In this light, the guidance becomes more than a procedural text. It becomes a portrait of a political culture that cannot stop commissioning inquiries because it has never learned how to stop producing conditions that make them necessary.
Critics fixate on the £250 million price tag. But this is the wrong economy. The real cost lies not in what inquiries consume, but in what the Scottish state refuses to build in their place.

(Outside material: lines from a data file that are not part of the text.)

(* Let $m\in\{1,2\}$, $\gamma\in(1,2]$ and $z\in(z_g,z_M]$. Then the continuation to the right, $C:[V_6,0)\to(0,\infty)$, of the local real-analytic solution through $P_6$ satisfies $C(V)<\sqrt{-V}$ for all $V\in[V_6,0)$; in particular $C(V)\to0$ as $V\to0^-$.
   Context: Fix $m\in\{1,2\}$. For $z>0$ put $\lambda=1+m\gamma z$, $a_1=1+\frac{m(\gamma-1)}{2}$, $a_2=\frac{m(\gamma-1)+mz\gamma(\gamma-3)}{2}$, $a_3=\frac{mz\gamma(\gamma-1)}{2}$, $G(V,C;\gamma,z)=C^2[(m+1)V+2mz]-V(1+V)(\lambda+V)$, $F(V,C;\gamma,z)=C\{C^2[1+\frac{mz}{1+V}]-a_1(1+V)^2+a_2(1+V)-a_3\}$; ODE $\frac{dC}{dV}=\frac FG$. $z_M=(\sqrt\gamma+\sqrt2)^{-2}$; $w(z)=\sqrt{1-2(\gamma+2)z+(\gamma-2)^2z^2}$, $V_6=\frac{-1+(\gamma-2)z-w}{2}$, $C_6=1+V_6$, $P_6=(V_6,C_6)$. The local solution is the real-analytic solution near $V_6$ with $C(V_6)=C_6$ and $C'(V_6)$ equal to the unique negative root of $-G_Cc^2+(F_C-G_V)c+F_V=0$ (partials at $P_6$); it extends as a positive decreasing solution on $[V_6,0)$. $z_g$: value of $z$ with $V_6(z)=\frac{-2(1+m\gamma z)}{\gamma+1+m(\gamma-1)}$ (explicitly $\frac{\sqrt{\gamma^2+(\gamma-1)^2}-\gamma}{\gamma(\gamma-1)}$ for $m=1$, $\frac{\sqrt{(2\gamma^2-\gamma+1)^2+2\gamma(\gamma-1)[4\gamma(\gamma-1)+8/3]}-(2\gamma^2-\gamma+1)}{\gamma[4\gamma(\gamma-1)+8/3]}$ for $m=2$). *)

From Stdlib Require Import Reals Lra.
From Coquelicot Require Import Coquelicot.
Open Scope R_scope.

Definition lam (m : nat) (g z : R) : R := 1 + INR m * g * z.
Definition a1 (m : nat) (g : R) : R := 1 + INR m * (g - 1) / 2.
Definition a2 (m : nat) (g z : R) : R :=
  (INR m * (g - 1) + INR m * z * g * (g - 3)) / 2.
Definition a3 (m : nat) (g z : R) : R := INR m * z * g * (g - 1) / 2.

Definition Gf (m : nat) (g z V C : R) : R :=
  C ^ 2 * ((INR m + 1) * V + 2 * INR m * z) - V * (1 + V) * (lam m g z + V).

Definition Ff (m : nat) (g z V C : R) : R :=
  C * (C ^ 2 * (1 + INR m * z / (1 + V)) - a1 m g * (1 + V) ^ 2
       + a2 m g z * (1 + V) - a3 m g z).

Definition zM (g : R) : R := / (sqrt g + sqrt 2) ^ 2.

Definition wf (g z : R) : R := sqrt (1 - 2 * (g + 2) * z + (g - 2) ^ 2 * z ^ 2).
Definition V6 (g z : R) : R := (-1 + (g - 2) * z - wf g z) / 2.
Definition C6 (g z : R) : R := 1 + V6 g z.

Definition zg (m : nat) (g : R) : R :=
  match m with
  | 1%nat => (sqrt (g ^ 2 + (g - 1) ^ 2) - g) / (g * (g - 1))
  | _ => (sqrt ((2 * g ^ 2 - g + 1) ^ 2
                + 2 * g * (g - 1) * (4 * g * (g - 1) + 8 / 3))
          - (2 * g ^ 2 - g + 1)) / (g * (4 * g * (g - 1) + 8 / 3))
  end.

Definition GV6 (m : nat) (g z : R) : R :=
  Derive (fun V => Gf m g z V (C6 g z)) (V6 g z).
Definition GC6 (m : nat) (g z : R) : R :=
  Derive (fun C => Gf m g z (V6 g z) C) (C6 g z).
Definition FV6 (m : nat) (g z : R) : R :=
  Derive (fun V => Ff m g z V (C6 g z)) (V6 g z).
Definition FC6 (m : nat) (g z : R) : R :=
  Derive (fun C => Ff m g z (V6 g z) C) (C6 g z).

Definition slope_eq (m : nat) (g z c : R) : Prop :=
  - GC6 m g z * c ^ 2 + (FC6 m g z - GV6 m g z) * c + FV6 m g z = 0.

Definition local_solution (m : nat) (g z : R) (C : R -> R) : Prop :=
  C (V6 g z) = C6 g z /\
  (exists r : R, 0 < r /\ exists a : nat -> R,
     (forall V, Rabs (V - V6 g z) < r -> is_pseries a (V - V6 g z) (C V)) /\
     (forall V, Rabs (V - V6 g z) < r ->
        Gf m g z V (C V) * Derive C V = Ff m g z V (C V))) /\
  ex_derive C (V6 g z) /\ Derive C (V6 g z) < 0 /\ slope_eq m g z (Derive C (V6 g z)).

Definition right_continuation (m : nat) (g z : R) (C : R -> R) : Prop :=
  local_solution m g z C /\
  (forall V, V6 g z <= V < 0 -> 0 < C V) /\
  (forall V1 V2, V6 g z <= V1 -> V1 < V2 -> V2 < 0 -> C V2 < C V1) /\
  (forall V, V6 g z < V < 0 ->
     Gf m g z V (C V) <> 0 /\
     is_derive C V (Ff m g z V (C V) / Gf m g z V (C V))).

(* Along the parabola C^2 = -V one has d(C^2 + V)/dV = (2 C F + G) / G, and for
   -1/4 <= V < 0, -V <= g z and z <= 25/144 the numerator is negative while G > 0.
   At V = -C_6^2 the function C^2 + V is negative, since C decreases from C(V_6) = C_6,
   so it can never reach 0 on [-C_6^2, 0).  The bound -V <= g z there comes from
   C_6^2 <= g z: the sonic point C_6 is the smaller root of c^2 - (1 - (2 - g) z) c + g z,
   which is real because z <= z_M.  On [V_6, -C_6^2) simply C <= C_6 < sqrt(-V). *)
From Stdlib Require Import Reals Lra Psatz Classical.
From Coquelicot Require Import Coquelicot.
Open Scope R_scope.

Lemma lt_sqrt_of_sq_lt (a x : R) : 0 <= a -> a ^ 2 < x -> a < sqrt x.
Proof. intros Ha Hx. rewrite <- (sqrt_pow2 a Ha). apply sqrt_lt_1_alt. nra. Qed.

Lemma le_sqrt_of_sq_le (a x : R) : 0 <= a -> a ^ 2 <= x -> a <= sqrt x.
Proof. intros Ha Hx. rewrite <- (sqrt_pow2 a Ha). now apply sqrt_le_1_alt. Qed.

Lemma zg_nonneg (m : nat) (g : R) : (m = 1%nat \/ m = 2%nat) -> 1 < g <= 2 -> 0 <= zg m g.
Proof.
  intros [-> | ->] Hg; unfold zg; apply Rlt_le.
  - assert (g < sqrt (g ^ 2 + (g - 1) ^ 2)) by (apply lt_sqrt_of_sq_lt; nra).
    apply Rdiv_lt_0_compat; nra.
  - set (k := 4 * g * (g - 1) + 8 / 3). assert (0 < k) by (unfold k; nra).
    assert (2 * g ^ 2 - g + 1 < sqrt ((2 * g ^ 2 - g + 1) ^ 2 + 2 * g * (g - 1) * k)).
    { apply lt_sqrt_of_sq_lt; [nra |]. assert (0 < 2 * g * (g - 1)) by nra. nra. }
    apply Rdiv_lt_0_compat; nra.
Qed.

Lemma zM_le (g : R) : 1 < g -> zM g <= 25/144.
Proof.
  intros Hg. unfold zM.
  assert (1 <= sqrt g) by (apply le_sqrt_of_sq_le; lra).
  assert (7/5 <= sqrt 2) by (apply le_sqrt_of_sq_le; lra).
  replace (25/144) with (/ (12/5) ^ 2) by field.
  apply Rinv_le_contravar; nra.
Qed.

Lemma sonic_discriminant_nonneg (g z : R) : 1 < g -> 0 < z <= zM g ->
  0 <= 1 - 2 * (g + 2) * z + (g - 2) ^ 2 * z ^ 2.
Proof.
  intros Hg [Hz HzM]. unfold zM in HzM.
  set (t := sqrt g) in HzM. set (r := sqrt 2) in HzM.
  assert (Ht : t ^ 2 = g) by (apply pow2_sqrt; lra).
  assert (Hr : r ^ 2 = 2) by (apply pow2_sqrt; lra).
  assert (1 <= t) by (apply le_sqrt_of_sq_le; lra).
  assert (1 <= r) by (apply le_sqrt_of_sq_le; lra).
  assert (Htr : 0 < (t + r) ^ 2) by nra.
  set (u := z * (t + r) ^ 2).
  assert (Hu : u <= 1).
  { unfold u. apply Rmult_le_compat_r with (r := (t + r) ^ 2) in HzM; [| lra].
    rewrite Rinv_l in HzM; lra. }
  assert (Hu0 : 0 <= u) by (unfold u; nra).
  (* with g = t^2 and 2 = r^2 the discriminant factors through u = z (t + r)^2 *)
  assert (Hfac : (1 - 2 * (g + 2) * z + (g - 2) ^ 2 * z ^ 2) * (t + r) ^ 2
                 = (1 - u) * ((t + r) ^ 2 - (t - r) ^ 2 * u)).
  { rewrite <- Ht. replace 2 with (r ^ 2) at 2 3 by exact Hr. unfold u. ring. }
  assert (0 <= (t - r) ^ 2 * (1 - u)) by (apply Rmult_le_pos; [apply pow2_ge_0 | lra]).
  assert (0 <= (t + r) ^ 2 - (t - r) ^ 2 * u) by nra.
  assert (0 <= (1 - u) * ((t + r) ^ 2 - (t - r) ^ 2 * u)) by (apply Rmult_le_pos; lra).
  nra.
Qed.

Lemma V6_eq (g z : R) : V6 g z = C6 g z - 1.
Proof. unfold C6. ring. Qed.

Lemma C6_bounds (g z : R) : 1 < g <= 2 -> 0 < z <= zM g ->
  0 < C6 g z <= 1/2 /\ C6 g z ^ 2 <= g * z.
Proof.
  intros Hg [Hz HzM].
  assert (z <= 25/144) by (pose proof (zM_le g ltac:(lra)); lra).
  set (A := 1 - (2 - g) * z).
  assert (HA : 1/2 < A <= 1) by (unfold A; nra).
  assert (Hw2 : wf g z ^ 2 = A ^ 2 - 4 * g * z).
  { unfold wf. rewrite pow2_sqrt by (apply sonic_discriminant_nonneg; lra). unfold A. ring. }
  assert (Hw0 : 0 <= wf g z) by apply sqrt_pos.
  replace (C6 g z) with ((A - wf g z) / 2) by (unfold C6, V6, A; field).
  set (w := wf g z) in *.
  assert (Hgz : 0 < g * z) by nra.
  assert (w < A) by nra.
  (* the two roots (A -+ w)/2 of c^2 - A c + g z have product g z *)
  assert (Hprod : (A - w) / 2 * ((A + w) / 2) = g * z) by (field_simplify; nra).
  split; [split |]; nra.
Qed.

Lemma INR_1_or_2 (m : nat) : (m = 1%nat \/ m = 2%nat) -> INR m = 1 \/ INR m = 2.
Proof. intros [-> | ->]; [left | right]; simpl; lra. Qed.

Definition parabola_Q (m : nat) (g z s : R) : R :=
  - (INR m + 1) * s + 2 * INR m * z + (1 - s) * (lam m g z - s).

Definition parabola_P (m : nat) (g z s : R) : R :=
  (2 * s - 2 * a1 m g * (1 - s) ^ 2 + 2 * a2 m g z * (1 - s) - 2 * a3 m g z
   + parabola_Q m g z s) * (1 - s) + 2 * s * INR m * z.

Lemma Gf_on_parabola (m : nat) (g z s C : R) :
  C ^ 2 = s -> Gf m g z (- s) C = s * parabola_Q m g z s.
Proof. intros HC. unfold Gf, parabola_Q. rewrite HC. ring. Qed.

Lemma Ff_Gf_on_parabola (m : nat) (g z s C : R) : s <> 1 -> C ^ 2 = s ->
  2 * C * Ff m g z (- s) C + Gf m g z (- s) C = s * parabola_P m g z s / (1 - s).
Proof.
  intros Hs HC. rewrite Gf_on_parabola by exact HC.
  replace (2 * C * Ff m g z (- s) C) with
    (2 * C ^ 2 * (C ^ 2 * (1 + INR m * z / (1 + - s)) - a1 m g * (1 + - s) ^ 2
       + a2 m g z * (1 + - s) - a3 m g z)) by (unfold Ff; ring).
  rewrite HC. unfold parabola_P. field. lra.
Qed.

Lemma parabola_Q_pos (m : nat) (g z s : R) : (m = 1%nat \/ m = 2%nat) -> 1 < g ->
  0 < z -> 0 <= s <= 1/4 -> s <= g * z -> 0 < parabola_Q m g z s.
Proof.
  intros Hm Hg Hz Hs Hsz. assert (0 <= (g * z - s) * (1 - s)) by (apply Rmult_le_pos; lra).
  unfold parabola_Q, lam. destruct (INR_1_or_2 m Hm) as [-> | ->]; nra.
Qed.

Audit Scotland’s latest warnings about the NHS make this painfully clear. A system described as ‘financially unsustainable,’ with structural shortages, worsening backlogs, and fragile service models, is a system primed for future inquiries – not because it is malicious, but because it is stretched to snapping point.
Similarly, the SPICe briefing on inquiry cost-effectiveness stresses that inquiries often become the only mechanism trusted to clarify facts because routine investigatory functions are underpowered, underfunded, or politically constrained.
The lesson is not that Scotland needs fewer inquiries. It is that it needs fewer crises. And crises do not disappear through rhetoric, or exceptional mechanisms, or retrospective narratives. They disappear through investment in the institutions that keep the state standing when everything around it begins to sway.
A confident state would implement the recommendations it receives. A capable state would strengthen its regulatory, investigative, and accountability systems so that failures are caught upstream.
A serious state would present guidance that clarifies the purpose of inquiries, not one that inadvertently reveals how reflexive their use has become.
The guidance Scotland has published does none of this. It reads like a government warning itself against its own habits, without the political courage to break them.
Public inquiries are no longer Scotland’s emergency brake. They have become its compensation mechanism – the emotional aftercare of a political class that too often delegates its responsibilities to a statutory process it neither reforms nor respects.
The problem is not the inquiries Scotland commissions. The problem is the state Scotland refuses to build.
Until ministers learn to govern in the present tense, Scotland will continue to spend millions investigating its past – because that is the only arena in which the state still seems willing to tell the truth.